- _Task instructions_
Check each line of the entries below for the word "From", and copy out the ones that have it.

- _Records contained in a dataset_
(* Let $t\in(0,1)$. For all $\eta$ sufficiently close to $t$, all $\theta\in\mathbb R/2\pi\mathbb Z$ and $z\in\mathbb H$, the function $P\mapsto|K_\eta(z,P)|$ has a unique maximum point on $\Sigma_{t,\theta}$.
   Context: $\mathbb H=\{x+iy:y>0\}$; $\mathbb H^{\mathbb C}=\mathbb C^2\ni P=(X(P),Y(P))$ with $\mathbb H$ embedded as real points; $Z=X+iY$, $\tilde Z=X-iY$; $\cosh\mathrm{dist}(x+iy,P):=1+\frac{(x-X)^2+(y-Y)^2}{2yY}$. For $\eta\in(0,1)$, $c_\eta=\frac4{4\eta-\eta^3}$ and $K_\eta(z,P)=\frac{z-\tilde Z(P)}{\bar z-Z(P)}e^{-c_\eta\cosh\mathrm{dist}(z,P)}$. $h_t(z,\theta)$: point at time $t$ of the unit-speed right horocycle (image of $t\mapsto -t+i$ under an orientation-preserving isometry) starting at $z=x+iy$ with velocity $y(\cos\theta\partial_x+\sin\theta\partial_y)$, continued holomorphically to complex $t$ with $|\Im t|<1$ as a point of $\mathbb C^2$. $\Sigma_{t,\theta}:=\{h_{-it}(z,\theta):z\in\mathbb H\}$. *)

From Stdlib Require Import Reals.
From Coquelicot Require Import Coquelicot.
Open Scope R_scope.

Definition cexp (w : C) : C := (exp (Re w) * cos (Im w), exp (Re w) * sin (Im w)).

(* Points of H^C = C^2 : P = (X(P), Y(P)). *)
Definition PX (P : C * C) : C := fst P.
Definition PY (P : C * C) : C := snd P.
Definition PZ (P : C * C) : C := (PX P + Ci * PY P)%C.
Definition PZt (P : C * C) : C := (PX P - Ci * PY P)%C.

- _Task solution_
From Stdlib Require Import Reals.
From Coquelicot Require Import Coquelicot.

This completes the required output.